The French government has launched an anti-bedbug campaign on February 20 and also a dedicated website with a hotline emergency number to prevent infestation. The website provides strict measures to prevent the spread of the small, flattened insects which have settled in homes and hotels to feed on human blood. According to international media reports, the bedbugs had disappeared from France in the 1950s, however, the insects have made a resurgence.
The France government has warned people on the webpage saying, 'we all can be affected'. The website also mentions that these parasites prefer to survive and multiply in dark areas meaning the corners of the sofas and beds are at high risk. The bedbugs, also known as Cimex Lectularius, can bite up to 90 times in a single night, leaving sores similar to mosquito bites.

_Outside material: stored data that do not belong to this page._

(* Let $(X,d)$ be a complete b-metric space with coefficient $s \geq 1$, and let $T: X \to X$ be a continuous PA-contraction with contraction constant $\alpha \in (0,1)$ such that $s\alpha < 1$. Then $T$ has a unique fixed point in $X$, and for every $x \in X$ the sequence $\{T^n x\}_{n\ge 0}$ converges to this fixed point.
   Context: A b-metric space with coefficient $s \ge 1$ is a nonempty set $X$ with a function $d: X\times X \to [0,\infty)$ such that: $d(x,y)=0$ iff $x=y$; $d(x,y)=d(y,x)$ for all $x,y$; and $d(x,z) \le s\,(d(x,y)+d(y,z))$ for all $x,y,z \in X$. A sequence $\{x_n\}$ is Cauchy if $\lim_{m,n\to\infty} d(x_n,x_m)=0$, it converges to $x$ if $d(x_n,x)\to 0$, and the space is complete if every Cauchy sequence converges in $X$; continuity of $T$ means $x_n \to x$ implies $Tx_n \to Tx$. A mapping $T: X\to X$ is a PA-contraction (path-averaged contraction) with contraction constant $\alpha$ if $\alpha \in (0,1)$ and there exists $N \in \mathbb{N}$ such that for all $x,y \in X$ and all $n \ge N$, $$\sum_{k=0}^{n-1} d(T^{k+1}x, T^{k+1}y) \le \alpha \sum_{k=0}^{n-1} d(T^k x, T^k y),$$ where $T^0$ is the identity. *)

From Stdlib Require Import Reals Lra.
Open Scope R_scope.

Definition is_b_metric {X : Type} (d : X -> X -> R) (s : R) : Prop :=
  1 <= s /\
  (forall x y, 0 <= d x y) /\
  (forall x y, d x y = 0 <-> x = y) /\
  (forall x y, d x y = d y x) /\
  (forall x y z, d x z <= s * (d x y + d y z)).

Definition b_converges {X : Type} (d : X -> X -> R) (u : nat -> X) (x : X) : Prop :=
  forall eps, eps > 0 -> exists N, forall n, (n >= N)%nat -> d (u n) x < eps.

Definition b_cauchy {X : Type} (d : X -> X -> R) (u : nat -> X) : Prop :=
  forall eps, eps > 0 -> exists N, forall m n, (m >= N)%nat -> (n >= N)%nat ->
    d (u n) (u m) < eps.

Definition b_complete {X : Type} (d : X -> X -> R) : Prop :=
  forall u : nat -> X, b_cauchy d u -> exists x, b_converges d u x.

Definition b_continuous {X : Type} (d : X -> X -> R) (T : X -> X) : Prop :=
  forall (u : nat -> X) (x : X), b_converges d u x ->
    b_converges d (fun n => T (u n)) (T x).

Fixpoint iter_map {X : Type} (T : X -> X) (k : nat) (x : X) : X :=
  match k with
  | O => x
  | S k' => T (iter_map T k' x)
  end.

Fixpoint sum_lt (f : nat -> R) (n : nat) : R :=
  match n with
  | O => 0
  | S n' => sum_lt f n' + f n'
  end.

Definition PA_contraction {X : Type} (d : X -> X -> R) (T : X -> X) (alpha : R) : Prop :=
  0 < alpha < 1 /\
  exists N : nat, forall x y : X, forall n : nat, (n >= N)%nat ->
    sum_lt (fun k => d (iter_map T (S k) x) (iter_map T (S k) y)) n
    <= alpha * sum_lt (fun k => d (iter_map T k x) (iter_map T k y)) n.

(* Applying the PA-contraction inequality to the pair (T^m x, T^m y) for every m shows that the
   partial sums of d(T^k x, T^k y) over k >= m are bounded by alpha^m B, uniformly in their
   length; hence the orbits of any two points approach each other geometrically.  With y = T x
   the steps of an orbit decay like alpha^n, and since s alpha < 1 the relaxed triangle
   inequality can be iterated to bound d(T^n x, T^(n+p) x) by a geometric sum, so the orbit is
   Cauchy.  Its limit is fixed by continuity, and two fixed points stay at constant distance
   along their orbits, so they coincide. *)

From Stdlib Require Import Reals Lra Lia.
Open Scope R_scope.

Lemma iter_map_add {X : Type} (T : X -> X) m n x :
  iter_map T (m + n) x = iter_map T n (iter_map T m x).
Proof.
  induction n as [|n IH]; simpl.
  - now rewrite Nat.add_0_r.
  - now rewrite Nat.add_succ_r; simpl; rewrite IH.
Qed.

Lemma iter_map_fixed {X : Type} (T : X -> X) p n : T p = p -> iter_map T n p = p.
Proof. intros Hp; induction n as [|n IH]; simpl; congruence. Qed.

Lemma sum_lt_ext f g n : (forall k, f k = g k) -> sum_lt f n = sum_lt g n.
Proof. intros Hfg; induction n as [|n IH]; simpl; congruence. Qed.

Lemma sum_lt_shift f n : sum_lt f (S n) = f O + sum_lt (fun k => f (S k)) n.
Proof. induction n as [|n IH]; simpl in *; lra. Qed.

Lemma sum_lt_ge0 f n : (forall k, 0 <= f k) -> 0 <= sum_lt f n.
Proof. intros Hf; induction n as [|n IH]; simpl; [lra | specialize (Hf n); lra]. Qed.

Lemma geometric_eventually_lt alpha C e :
  0 <= alpha < 1 -> 0 <= C -> 0 < e ->
  exists M, forall n, (n >= M)%nat -> alpha ^ n * C < e.
Proof.
  intros Halpha HC He.
  destruct (pow_lt_1_zero alpha ltac:(rewrite Rabs_pos_eq; lra) (e / (C + 1)))
    as [M HM]; [apply Rdiv_lt_0_compat; lra |].
  exists M; intros n Hn.
  specialize (HM n Hn); rewrite Rabs_pos_eq in HM by (apply pow_le; lra).
  apply (Rmult_lt_compat_r (C + 1)) in HM; [| lra].
  replace (e / (C + 1) * (C + 1)) with e in HM by (field; lra).
  assert (0 <= alpha ^ n) by (apply pow_le; lra).
  nra.
Qed.

Lemma le_geometric_nonpos alpha B c :
  0 <= alpha < 1 -> (forall m, c <= alpha ^ m * B) -> c <= 0.
Proof.
  intros Halpha Hc.
  destruct (Rle_or_lt c 0) as [Hle | Hpos]; [exact Hle |].
  assert (HB : c <= B) by (specialize (Hc O); simpl in Hc; lra).
  destruct (geometric_eventually_lt alpha B c Halpha ltac:(lra) Hpos) as [M HM].
  specialize (HM M (le_n M)); specialize (Hc M); lra.
Qed.

Section SumContracting.

Variables (alpha : R) (N : nat).
Hypothesis alpha_range : 0 <= alpha < 1.

Definition sum_contracting (b : nat -> R) : Prop :=
  forall n, (n >= N)%nat -> sum_lt (fun k => b (S k)) n <= alpha * sum_lt b n.

(* From n >= N on, the partial sums obey S(n+1) <= b 0 + alpha S(n). *)
Lemma sum_lt_bounded_of_contracting b :
  sum_contracting b -> exists B, forall n, (n >= N)%nat -> sum_lt b n <= B.
Proof.
  intros Hb; set (B := Rmax (sum_lt b N) (b O / (1 - alpha))); exists B.
  intros n Hn; induction Hn as [| n Hn IH].
  - apply Rmax_l.
  - rewrite sum_lt_shift.
    assert (Hb0 : b O / (1 - alpha) <= B) by apply Rmax_r.
    assert (Hb0' : b O = (1 - alpha) * (b O / (1 - alpha))) by (field; lra).
    specialize (Hb n Hn).
    assert (alpha * sum_lt b n <= alpha * B) by (apply Rmult_le_compat_l; lra).
    assert ((1 - alpha) * (b O / (1 - alpha)) <= (1 - alpha) * B)
      by (apply Rmult_le_compat_l; lra).
    lra.
Qed.

Variable a : nat -> R.
Hypothesis a_ge0 : forall k, 0 <= a k.
Hypothesis a_shifts_contracting : forall m, sum_contracting (fun k => a (m + k)%nat).

Lemma tail_sums_geometric :
  exists B, forall m n, (n >= N)%nat -> sum_lt (fun k => a (m + k)%nat) n <= alpha ^ m * B.
Proof.
  destruct (sum_lt_bounded_of_contracting _ (a_shifts_contracting O)) as [B HB].
  exists B; intros m n Hn; induction m as [| m IH].
  - rewrite pow_O, Rmult_1_l; exact (HB n Hn).
  - rewrite (sum_lt_ext _ (fun k => a (m + S k)%nat)) by (intros k; f_equal; lia).
    eapply Rle_trans; [exact (a_shifts_contracting m n Hn) |].
    simpl; rewrite Rmult_assoc; apply Rmult_le_compat_l; lra.
Qed.

Lemma geometric_decay_of_sum_contracting : exists B, forall m, a m <= alpha ^ m * B.
Proof.
  destruct tail_sums_geometric as [B HB]; exists B; intros m.
  specialize (HB m (S N) (le_S _ _ (le_n N))).
  rewrite sum_lt_shift, Nat.add_0_r in HB.
  assert (0 <= sum_lt (fun k => a (m + S k)%nat) N) by (apply sum_lt_ge0; intros; apply a_ge0).
  lra.
Qed.

End SumContracting.

Section BMetric.

Variables (X : Type) (d : X -> X -> R) (s : R).
Hypothesis d_bmetric : is_b_metric d s.

Lemma b_dist_ge0 x y : 0 <= d x y.
Proof. apply d_bmetric. Qed.

Lemma b_dist_eq0 x y : d x y = 0 -> x = y.
Proof. apply d_bmetric. Qed.

Lemma b_dist_refl x : d x x = 0.
Proof. now apply d_bmetric. Qed.

Lemma b_dist_sym x y : d x y = d y x.
Proof. apply d_bmetric. Qed.

Lemma b_dist_triangle x y z : d x z <= s * (d x y + d y z).
Proof. apply d_bmetric. Qed.

Lemma b_coef_ge1 : 1 <= s.
Proof. apply d_bmetric. Qed.

Lemma b_converges_shift (u : nat -> X) p :
  b_converges d u p -> b_converges d (fun n => u (S n)) p.
Proof.
  intros Hu e He; destruct (Hu e He) as [M HM].
  exists M; intros n Hn; apply HM; lia.
Qed.

Lemma b_limit_unique (u : nat -> X) p q :
  b_converges d u p -> b_converges d u q -> p = q.
Proof.
  intros Hp Hq; apply b_dist_eq0.
  destruct (Rle_lt_or_eq_dec 0 (d p q) (b_dist_ge0 p q)) as [Hpos | Hzero]; [exfalso | easy].
  pose proof b_coef_ge1 as Hs.
  set (e := d p q / (2 * s)).
  assert (He : e > 0) by (apply Rdiv_lt_0_compat; lra).
  destruct (Hp e He) as [Mp HMp]; destruct (Hq e He) as [Mq HMq].
  specialize (HMp (Mp + Mq)%nat ltac:(lia)); specialize (HMq (Mp + Mq)%nat ltac:(lia)).
  pose proof (b_dist_triangle p (u (Mp + Mq)%nat) q) as Htri.
  rewrite (b_dist_sym p (u _)) in Htri.
  assert (s * (d (u (Mp + Mq)%nat) p + d (u (Mp + Mq)%nat) q) < s * (2 * e))
    by (apply Rmult_lt_compat_l; lra).
  assert (s * (2 * e) = d p q) by (unfold e; field; lra).
  lra.
Qed.

Lemma b_continuous_orbit_limit_fixed (T : X -> X) x p :
  b_continuous d T -> b_converges d (fun n => iter_map T n x) p -> T p = p.
Proof.
  intros HT Hp.
  apply (b_limit_unique (fun n => iter_map T (S n) x)).
  - exact (HT _ _ Hp).
  - exact (b_converges_shift _ _ Hp).
Qed.

Section GeometricSteps.

Variables (u : nat -> X) (alpha B : R).
Hypothesis alpha_ge0 : 0 <= alpha.
Hypothesis s_alpha_lt1 : s * alpha < 1.
Hypothesis steps_geometric : forall n, d (u n) (u (S n)) <= alpha ^ n * B.

Lemma geometric_tail_constant_ge0 : 0 <= s * B / (1 - s * alpha).
Proof.
  pose proof b_coef_ge1.
  assert (0 <= B)
    by (pose proof (b_dist_ge0 (u O) (u 1%nat)); specialize (steps_geometric O); simpl in *; lra).
  unfold Rdiv; apply Rmult_le_pos; [nra | apply Rlt_le, Rinv_0_lt_compat; lra].
Qed.

(* K := s B / (1 - s alpha) is the fixed point of K = s B + s alpha K, which is what one step of
   the relaxed triangle inequality demands. *)
Lemma b_dist_geometric_tail p n :
  d (u n) (u (n + p)%nat) <= alpha ^ n * (s * B / (1 - s * alpha)).
Proof.
  pose proof b_coef_ge1; pose proof geometric_tail_constant_ge0 as HK0.
  set (K := s * B / (1 - s * alpha)) in *.
  assert (HK : K = s * B + s * alpha * K) by (unfold K; field; lra).
  revert n; induction p as [| p IH]; intros n.
  - rewrite Nat.add_0_r, b_dist_refl.
    apply Rmult_le_pos; [apply pow_le |]; lra.
  - replace (n + S p)%nat with (S n + p)%nat by lia.
    eapply Rle_trans; [apply (b_dist_triangle _ (u (S n))) |].
    specialize (IH (S n)); specialize (steps_geometric n).
    change (alpha ^ S n) with (alpha * alpha ^ n) in IH.
    assert (0 <= alpha ^ n) by (apply pow_le; lra).
    assert (s * (d (u n) (u (S n)) + d (u (S n)) (u (S n + p)%nat))
            <= s * (alpha ^ n * B + alpha * alpha ^ n * K)) by (apply Rmult_le_compat_l; lra).
    assert (alpha ^ n * K = alpha ^ n * (s * B + s * alpha * K)) by (rewrite <- HK; reflexivity).
    lra.
Qed.

Lemma b_cauchy_of_geometric_steps : b_cauchy d u.
Proof.
  pose proof b_coef_ge1.
  intros e He.
  destruct (geometric_eventually_lt alpha _ e ltac:(nra) geometric_tail_constant_ge0 He)
    as [M HM].
  assert (Hle : forall m n, (M <= m <= n)%nat -> d (u m) (u n) < e).
  { intros m n Hmn; replace n with (m + (n - m))%nat by lia.
    eapply Rle_lt_trans; [apply b_dist_geometric_tail | apply HM; lia]. }
  exists M; intros m n Hm Hn.
  destruct (Nat.le_ge_cases n m).
  - apply Hle; lia.
  - rewrite b_dist_sym; apply Hle; lia.
Qed.

End GeometricSteps.

Section PAContraction.

Variables (T : X -> X) (alpha : R).
Hypothesis T_PA : PA_contraction d T alpha.

Lemma PA_orbit_distance_decay x y :
  exists B, forall m, d (iter_map T m x) (iter_map T m y) <= alpha ^ m * B.
Proof.
  destruct T_PA as [Halpha [N HN]].
  apply (geometric_decay_of_sum_contracting alpha N); [lra | intros; apply b_dist_ge0 |].
  intros m n Hn.
  assert (Hshift : forall k, d (iter_map T (m + k) x) (iter_map T (m + k) y)
                          = d (iter_map T k (iter_map T m x)) (iter_map T k (iter_map T m y)))
    by (intros k; now rewrite !iter_map_add).
  rewrite (sum_lt_ext _ _ n Hshift), (sum_lt_ext _ _ n (fun k => Hshift (S k))).
  exact (HN (iter_map T m x) (iter_map T m y) n Hn).
Qed.

Lemma PA_fixed_point_unique p q : T p = p -> T q = q -> q = p.
Proof.
  intros Hp Hq; apply b_dist_eq0.
  destruct (PA_orbit_distance_decay q p) as [B HB].
  apply Rle_antisym; [| apply b_dist_ge0].
  apply (le_geometric_nonpos alpha B); [pose proof (proj1 T_PA); lra |].
  intros m; specialize (HB m); now rewrite !iter_map_fixed in HB.
Qed.

Hypothesis s_alpha_lt1 : s * alpha < 1.

Lemma PA_orbit_cauchy x : b_cauchy d (fun n => iter_map T n x).
Proof.
  destruct (PA_orbit_distance_decay x (T x)) as [B HB].
  pose proof (proj1 T_PA).
  apply (b_cauchy_of_geometric_steps _ alpha B); [lra | exact s_alpha_lt1 |].
  intros n; specialize (HB n); change (T x) with (iter_map T 1 x) in HB.
  rewrite <- iter_map_add in HB; exact HB.
Qed.

End PAContraction.

End BMetric.

Theorem theorem1 (X : Type) (d : X -> X -> R) (s alpha : R) (T : X -> X) (x0 : X) :
  is_b_metric d s ->
  b_complete d ->
  b_continuous d T ->
  PA_contraction d T alpha ->
  s * alpha < 1 ->
  exists p : X,
    T p = p /\
    (forall q : X, T q = q -> q = p) /\
    (forall x : X, b_converges d (fun n => iter_map T n x) p).
Proof.
  intros Hd Hcomplete Hcont HT Hsalpha.
  assert (Horbit : forall x, exists p, T p = p /\ b_converges d (fun n => iter_map T n x) p).
  { intros x.
    destruct (Hcomplete _ (PA_orbit_cauchy X d s Hd T alpha HT Hsalpha x)) as [p Hp].
    exists p; split; [exact (b_continuous_orbit_limit_fixed X d s Hd T x p Hcont Hp) | exact Hp]. }
  destruct (Horbit x0) as [p [Hp _]].
  exists p; split; [exact Hp | split].
  - intros q Hq; exact (PA_fixed_point_unique X d s Hd T alpha HT p q Hp Hq).
  - intros x; destruct (Horbit x) as [q [Hq Hconv]].
    now rewrite (PA_fixed_point_unique X d s Hd T alpha HT p q Hp Hq) in Hconv.
Qed.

According to the website, international travel and increasing resistance to insecticides are to blame for the bedbugs resurgence. Furthermore, the website advises hotel guests to store their luggage on racks rather than on the floor and to check bed, mattress and other dark areas before using them. The authorities have also advised washing clothes in hot water, or heating non-washable items in a tumble dryer.
As per reports, the extermination experts in Paris said that four lakh addresses including hotels, apartments and houses were treated in 2018. It is believed that due to the banning of potent poisons the bedbugs revived and in the late 1990s, they were also thriving in New York. Another outbreak in US, back in 2010, led to them invading high-end apartment buildings, hotels and even clothing stores like the lingerie outlet Victoria's Secret.
The insects cost billions of dollars annually to exterminate by businesses and homeowners and a study also found that the bed bugs had become resistant to pesticides. Another study further suggests that the insects sought out human scents and snuggled up in worn clothes before tagging along. The bedbugs hide in linen by day and come out at night to bite people, leaving red, itchy soars, however, they do not transmit any disease.